Animal rights activists have sought to restrict NIH and other federal medical research on animals, particularly beagles and other dogs. U.S. Rep. Greg Stoib, D-Florida, introduced legislation earlier this month to ban medical testing on animals.
“Every year, the NIH uses more than $40 billion of taxpayer dollars to fund its research projects, including many recent cruel examples of the use of dogs. Americans are unwilling to allow the heinous abuse of puppies and dogs in the name of research. “My legislation would cut every penny of federal NIH funding for these ruthless dog experiments,” Steube said in a statement.
Other conservative Republicans are also glad to see Fauci leave after battles with COVID-19 over massive economic and social shutdowns and a push for masks and vaccines by Democrats and some big employers. Some conservatives also pressed Fauci about the origin of COVID-19 and whether it was linked to medical laboratory research in the city of Wuhan, China.
“For two years, Democrats in Congress have refused to hold a single hearing to question the origins of COVID-19 or our government’s involvement in Chinese biolabs,” said U.S. Rep. Doug LaMalfo, a Republican who represents California’s northernmost districts. “Now that we are months away from the Republicans regaining the majority, Dr. Fauci is announcing early retirement is no accident. Even in retirement, Dr. Fauci can expect to be held accountable for his role in the politicization of COVID and the unjustified shutdown of the country.”
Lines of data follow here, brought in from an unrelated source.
(* Let $\mathbb{F}_q$ be a finite field, $n\ge 1$, and let $C\le \mathbb{F}_q^n$ be a linear code which is an abelian group code. Let $G$ be a regular subgroup of the symmetric group $S_n$ such that $\langle G, C_{S_n}(G)\rangle \le \mathrm{PAut}(C)$, and such that $C$ is permutation equivalent to some ideal $I$ of the group algebra $\mathbb{F}_q[G]$ on which the derived subgroup $G'$ acts trivially from the left (respectively, on which $G'$ acts trivially from the right). If $G'\neq\{1\}$, then $C$ is a $|G'|$-divisible code and $|G'|$ divides $w(C)$.
   Context: All groups are finite. $\mathcal{B}=\{e_1,\dots,e_n\}$ is the standard basis of $\mathbb{F}_q^n$. A permutation $\sigma\in S_n$ acts on $\mathbb{F}_q^n$ by $\sigma(\sum a_ie_i)=\sum a_i e_{\sigma(i)}$, and $\mathrm{PAut}(C)=\{\sigma\in S_n:\sigma(C)=C\}$. A subgroup of $S_n$ is regular if it has order $n$ and acts transitively on $\{1,\dots,n\}$. $C_{S_n}(G)$ is the centralizer of $G$ in $S_n$. For a group $H$ of order $n$, a linear code $C\le\mathbb{F}_q^n$ is an $H$-code if there is a bijection $\phi:\mathcal{B}\to H$ whose $\mathbb{F}_q$-linear extension $\tilde\phi:\mathbb{F}_q^n\to\mathbb{F}_q[H]$ maps $C$ onto a two-sided ideal of $\mathbb{F}_q[H]$; $C$ is an abelian group code if it is an $H$-code for some abelian group $H$. $C$ is permutation equivalent to an ideal $I$ of $\mathbb{F}_q[G]$ if there is a bijection $\phi:\mathcal{B}\to G$ with $\tilde\phi(C)=I$. A subgroup $U\le G$ acts trivially from the left (right) on $X\subseteq\mathbb{F}_q[G]$ if $ux=x$ (resp. $xu=x$) for all $u\in U$, $x\in X$. For $c\in\mathbb{F}_q^n$, $w_H(c)$ is the number of nonzero coordinates of $c$; for an integer $\Delta>1$, $C$ is $\Delta$-divisible if $\Delta\mid w_H(c)$ for all $c\in C$; $w(C)=\min\{w_H(c):0\ne c\in C\}$. *)

From HB Require Import structures.
From mathcomp Require Import all_boot all_order all_algebra all_fingroup all_solvable all_field.
Set Implicit Arguments. Unset Strict Implicit. Unset Printing Implicit Defensive.
Import GRing.Theory.
Local Open Scope ring_scope.

Section Codes.
Variables (F : finFieldType) (n : nat).

Definition wH (c : 'rV[F]_n) : nat := #|[set i : 'I_n | c 0 i != 0]|.

Definition divisible_code (D : nat) (C : {vspace 'rV[F]_n}) : Prop :=
  (1 < D)%N /\ forall c, c \in C -> (D %| wH c)%N.

(* minimum weight; convention: 0 for the zero code *)
Definition minw (C : {vspace 'rV[F]_n}) : nat :=
  if [pick c | (c \in C) && (c != 0)] is Some c0 then
    wH [arg min_(c < c0 | (c \in C) && (c != 0)) wH c]
  else 0%N.

(* action of sigma : sigma (sum a_i e_i) = sum a_i e_{sigma i} *)
Definition permv (s : {perm 'I_n}) (c : 'rV[F]_n) : 'rV[F]_n :=
  \row_j c 0 ((s^-1)%g j).

Definition PAut (C : {vspace 'rV[F]_n}) : {set {perm 'I_n}} :=
  [set s : {perm 'I_n} | [forall d : 'rV[F]_n,
      (d \in C) == [exists c : 'rV[F]_n, (c \in C) && (permv s c == d)]]].

(* group algebra F[H], elements as finitely supported functions gT -> F
   with support in H *)
Variable gT : finGroupType.

Definition in_galg (H : {group gT}) (a : {ffun gT -> F}) : Prop :=
  forall x, x \notin H -> a x = 0.

Definition galg_mul (H : {group gT}) (a b : {ffun gT -> F}) : {ffun gT -> F} :=
  [ffun x => \sum_(y in H) a y * b ((y^-1)%g * x)%g].

Definition galg_elt (g : gT) : {ffun gT -> F} := [ffun x => (x == g)%:R].

Definition is_ideal (H : {group gT}) (I : {set {ffun gT -> F}}) : Prop :=
  [/\ forall x, x \in I -> in_galg H x,
      0 \in I,
      forall x y, x \in I -> y \in I -> x + y \in I,
      forall x, x \in I -> - x \in I &
      forall a x, in_galg H a -> x \in I ->
        galg_mul H a x \in I /\ galg_mul H x a \in I].

(* phi : B -> H is a bijection onto H (basis vector e_i identified with i) *)
Definition bij_onto (H : {group gT}) (phi : 'I_n -> gT) : Prop :=
  injective phi /\ (forall x, x \in H <-> exists i, phi i = x).

Definition lin_ext (phi : 'I_n -> gT) (c : 'rV[F]_n) : {ffun gT -> F} :=
  [ffun x => \sum_(i | phi i == x) c 0 i].

Definition maps_onto (phi : 'I_n -> gT) (C : {vspace 'rV[F]_n})
    (I : {set {ffun gT -> F}}) : Prop :=
  forall x, x \in I <-> exists2 c, c \in C & lin_ext phi c = x.

Definition is_H_code (H : {group gT}) (C : {vspace 'rV[F]_n}) : Prop :=
  exists phi : 'I_n -> gT, bij_onto H phi /\
    exists I, is_ideal H I /\ maps_onto phi C I.

End Codes.

Definition abelian_group_code (F : finFieldType) (n : nat)
    (C : {vspace 'rV[F]_n}) : Prop :=
  exists (gT : finGroupType) (H : {group gT}),
    abelian H /\ #|H| = n /\ is_H_code H C.

Definition regular (n : nat) (G : {group {perm 'I_n}}) : Prop :=
  #|G| = n /\ [transitive G, on [set: 'I_n] | 'P].

From HB Require Import structures.
From mathcomp Require Import all_boot all_order all_algebra all_fingroup all_solvable all_field.
Set Implicit Arguments. Unset Strict Implicit. Unset Printing Implicit Defensive.
Import GRing.Theory.
Local Open Scope ring_scope.

(* Transport C to the ideal I of F[G]. If G' fixes every x in I from one side,
   the support of x is stable under multiplication by G' on that side, hence a
   union of cosets of G', so |G'| divides its size, which is the Hamming weight
   of the codeword mapped to x. The minimum weight is the weight of a codeword. *)

Section MulgStable.
Local Open Scope group_scope.
Variables (gT : finGroupType) (K : {group gT}).

(* S is a union of orbits of K under right translation, i.e. of left cosets of K. *)
Lemma card_dvd_mulg_stable_r (S : {set gT}) : S * K \subset S -> (#|K| %| #|S|)%N.
Proof.
move=> SK_S; have actsKS : [acts K, on S | 'R].
  apply/subsetP=> k Kk; rewrite !inE /=; apply/subsetP=> x Sx; rewrite inE.
  exact: subsetP SK_S _ (mem_mulg Sx Kk).
rewrite -(acts_sum_card_orbit actsKS); apply: dvdn_sum => _ /imsetP[x _ ->].
by rewrite orbitR card_lcoset.
Qed.

Lemma card_dvd_mulg_stable_l (S : {set gT}) : K * S \subset S -> (#|K| %| #|S|)%N.
Proof.
move=> KS_S; rewrite -(card_invg S); apply: card_dvd_mulg_stable_r.
by rewrite -[X in _ * X]invGid -invMg invSg.
Qed.

End MulgStable.

Section GroupAlgebraSupport.
Variables (F : finFieldType) (gT : finGroupType) (G : {group gT}).

Definition galg_supp (a : {ffun gT -> F}) : {set gT} := [set z in G | a z != 0].

Lemma galg_mul_eltl u a z :
  u \in G -> galg_mul G (galg_elt F u) a z = a (u^-1 * z)%g.
Proof.
move=> Gu; rewrite /galg_mul ffunE (bigD1 u) //= big1 ?addr0.
  by rewrite ffunE eqxx mul1r.
by move=> y /andP[_ /negbTE neq_yu]; rewrite ffunE neq_yu mul0r.
Qed.

Lemma galg_mul_eltr u a s :
  s \in G -> galg_mul G a (galg_elt F u) (s * u)%g = a s.
Proof.
move=> Gs; rewrite /galg_mul ffunE (bigD1 s) //= big1 ?addr0.
  by rewrite ffunE mulgA mulVg mul1g eqxx mulr1.
move=> y /andP[_ neq_ys]; rewrite ffunE.
case: eqP => [ysu_u|]; last by rewrite mulr0.
have /eqP : (y^-1 * s = 1)%g by apply: (mulIg u); rewrite -mulgA ysu_u mul1g.
by rewrite -eq_mulVg1 (negbTE neq_ys).
Qed.

Lemma card_dvd_galg_supp_fixl (K : {group gT}) a :
  K \subset G -> (forall u, u \in K -> galg_mul G (galg_elt F u) a = a) ->
  (#|K| %| #|galg_supp a|)%N.
Proof.
move=> sKG fixKa; apply: card_dvd_mulg_stable_l.
apply/subsetP=> _ /mulsgP[k s Kk /setIdP[Gs nz_as] ->]; have Gk := subsetP sKG k Kk.
by rewrite inE groupM //= -(fixKa k Kk) galg_mul_eltl // mulKg.
Qed.

Lemma card_dvd_galg_supp_fixr (K : {group gT}) a :
  K \subset G -> (forall u, u \in K -> galg_mul G a (galg_elt F u) = a) ->
  (#|K| %| #|galg_supp a|)%N.
Proof.
move=> sKG fixKa; apply: card_dvd_mulg_stable_r.
apply/subsetP=> _ /mulsgP[s k /setIdP[Gs nz_as] Kk ->]; have Gk := subsetP sKG k Kk.
by rewrite inE groupM //= -(fixKa k Kk) galg_mul_eltr.
Qed.

End GroupAlgebraSupport.

Section CodesInGroupAlgebra.
Variables (F : finFieldType) (n : nat).

Lemma lin_ext_inj (gT : finGroupType) (phi : 'I_n -> gT) (c : 'rV[F]_n) i :
  injective phi -> lin_ext phi c (phi i) = c 0 i.
Proof.
by move=> inj_phi; rewrite ffunE (big_pred1 i) // => j /=; rewrite inj_eq.
Qed.

Lemma wH_lin_ext (gT : finGroupType) (G : {group gT}) (phi : 'I_n -> gT)
    (c : 'rV[F]_n) :
  bij_onto G phi -> wH c = #|galg_supp G (lin_ext phi c)|.
Proof.
move=> [inj_phi onto_phi]; rewrite /wH -(card_imset _ inj_phi).
apply: eq_card => z; rewrite !inE; apply/imsetP/andP => [[i] | [/onto_phi[i <-]]].
  by rewrite inE => nz_ci ->; rewrite lin_ext_inj //; split; [apply/onto_phi; exists i|].
by rewrite lin_ext_inj // => nz_ci; exists i; rewrite ?inE.
Qed.

Lemma dvdn_minw (D : nat) (C : {vspace 'rV[F]_n}) :
  (forall c, c \in C -> (D %| wH c)%N) -> (D %| minw C)%N.
Proof.
move=> dvd_wH; rewrite /minw; case: pickP => [c0 C'c0 | _]; last exact: dvdn0.
by case: arg_minnP => // c /andP[Cc _] _; apply: dvd_wH.
Qed.

End CodesInGroupAlgebra.

Theorem theorem1 (F : finFieldType) (n : nat) (C : {vspace 'rV[F]_n})
    (G : {group {perm 'I_n}}) :
  (0 < n)%N ->
  abelian_group_code C ->
  regular G ->
  (G <*> 'C(G) \subset PAut C)%g ->
  (exists (phi : 'I_n -> {perm 'I_n}) (I : {set {ffun {perm 'I_n} -> F}}),
     [/\ bij_onto G phi, is_ideal G I, maps_onto phi C I &
       ((forall u x, u \in (G^`(1))%g -> x \in I -> galg_mul G (galg_elt F u) x = x)
        \/
        (forall u x, u \in (G^`(1))%g -> x \in I -> galg_mul G x (galg_elt F u) = x))]) ->
  (G^`(1))%g != 1%g ->
  divisible_code #|(G^`(1))%g| C /\ (#|(G^`(1))%g| %| minw C)%N.
Proof.
move=> _ _ _ _ [phi [I [bij_phi _ CI fixI]]] ntG'.
have dvd_wH c : c \in C -> (#|(G^`(1))%g| %| wH c)%N.
  move=> Cc; have Ic : lin_ext phi c \in I by apply/CI; exists c.
  rewrite (wH_lin_ext _ bij_phi).
  case: fixI => fixI; [apply: card_dvd_galg_supp_fixl | apply: card_dvd_galg_supp_fixr];
    by [exact: der_sub | move=> u G'u; exact: fixI].
split; last exact: dvdn_minw.
by split; first rewrite cardG_gt1.
Qed.
(* Let $S$ be a primitive substitution over a finite alphabet $\mathcal{A}$ with linear repetitivity constant $C_S$ and Perron–Frobenius eigenvalue $\theta_S$, let $r\in\mathbb{N}$ and $\omega_0\in\mathcal{A}^{\mathbb{Z}}$. (1) If $n\ge N_1(r):=\frac{\log r}{\log\theta_S}+\frac{\log C_S-\log\check C(S)}{\log\theta_S}$, then $W(\Omega_n(\omega_0))_r\supseteq W(S)_r$. (2) If $\omega_0$ is a good approximant and $n>N_2(r):=\frac{\log r}{\log\theta_S}-\frac{\log(2\check C(S))}{\log\theta_S}+|\mathcal{A}|^2$, then $W(\Omega_n(\omega_0))_r\subseteq W(S)_r$.
   Context: Words are finite strings over $\mathcal{A}$; $u\prec w$ means contiguous subword; $|u|$ is length. A substitution $S:\mathcal{A}\to\mathcal{A}^+$ extends to words and configurations $\omega:\mathbb{Z}\to\mathcal{A}$ by concatenation (with $S(\omega(0))$ starting at $0$); it is primitive if for some $p$, every letter occurs in $S^p(a)$ for every $a$. $\theta_S$ is the Perron–Frobenius eigenvalue of the substitution matrix (entry $(i,j)$ = number of occurrences of $a_i$ in $S(a_j)$). $\check C(S),\hat C(S)>0$ are fixed constants with $\check C(S)\theta_S^n\le|S^n(a)|\le\hat C(S)\theta_S^n$ for all $a\in\mathcal{A}$, $n\in\mathbb{N}$. Legal words $W(S)$: subwords of some $S^n(a)$. $C_S\ge1$ is a linear repetitivity constant: for all $u,w\in W(S)$ with $|w|\ge C_S|u|$, $u\prec w$. For a subshift $\Omega$, $W(\Omega)$ is the set of finite subwords of its elements and $W(\cdot)_r$ the subset of length-$r$ words. $\Omega_n(\omega_0)$ is the closure of the shift-orbit of $S^n(\omega_0)$. $G(S)$ is the directed graph on $\mathcal{A}^2$ with edge $u\to w$ iff $u,w\notin W(S)$ and $w\prec S(u)$; $\omega_0$ is a good approximant if every directed path in $G(S)$ starting at a length-$2$ subword of $\omega_0$ contains no closed subpath. *)

From mathcomp Require Import all_boot all_order all_algebra.
From mathcomp Require Import reals exp.
Set Implicit Arguments.
Unset Strict Implicit.
Unset Printing Implicit Defensive.
Import Order.TTheory GRing.Theory Num.Theory.
Local Open Scope ring_scope.

Section SubstDefs.
Variable A : finType.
U.S. Sen. Rand Paul, D-Kentucky, also promised a “full investigation into the origins of the pandemic” even if Fauci steps down. Paul engaged in high-profile sparring with Fauci during the congressional hearings.
Democrats and much of the medical establishment welcomed Fauci during the pandemic. They also praise his work when he announces his retirement.
“I will always be grateful that we had a once-in-a-century public health leader to lead us through a once-in-a-century pandemic,” former President Barack Obama said in a statement.
The American Medical Association also recognized Fauci’s service.
“For more than 50 years, Dr. Anthony Fauci has been a strong and steadfast voice for science—and for data-driven answers to some of the biggest public health challenges of our time,” said Jack Resneck Jr., MD, who serves as AMA president. “Through the HIV/AIDS crisis, Ebola, Zika, and nearly three years of the global COVID-19 pandemic, Dr. Fauci has not only provided wise counsel to presidents of both parties, but has also intelligently used today’s media to provide clear information and direct guidance and information to of the American people. Throughout his decades of work, Dr. Fauci has advocated for patients, saved lives and, through simple human acts like hugging a Dallas nurse who survived Ebola, destigmatized the disease.”
Fauci was the highest-paid federal employee, earning more than $400,000 a year. He is also scheduled to receive a lucrative pension. A number of other lawmakers, including in Oregon, declined or did not respond to requests for comment on Fauci’s tenure and future departure.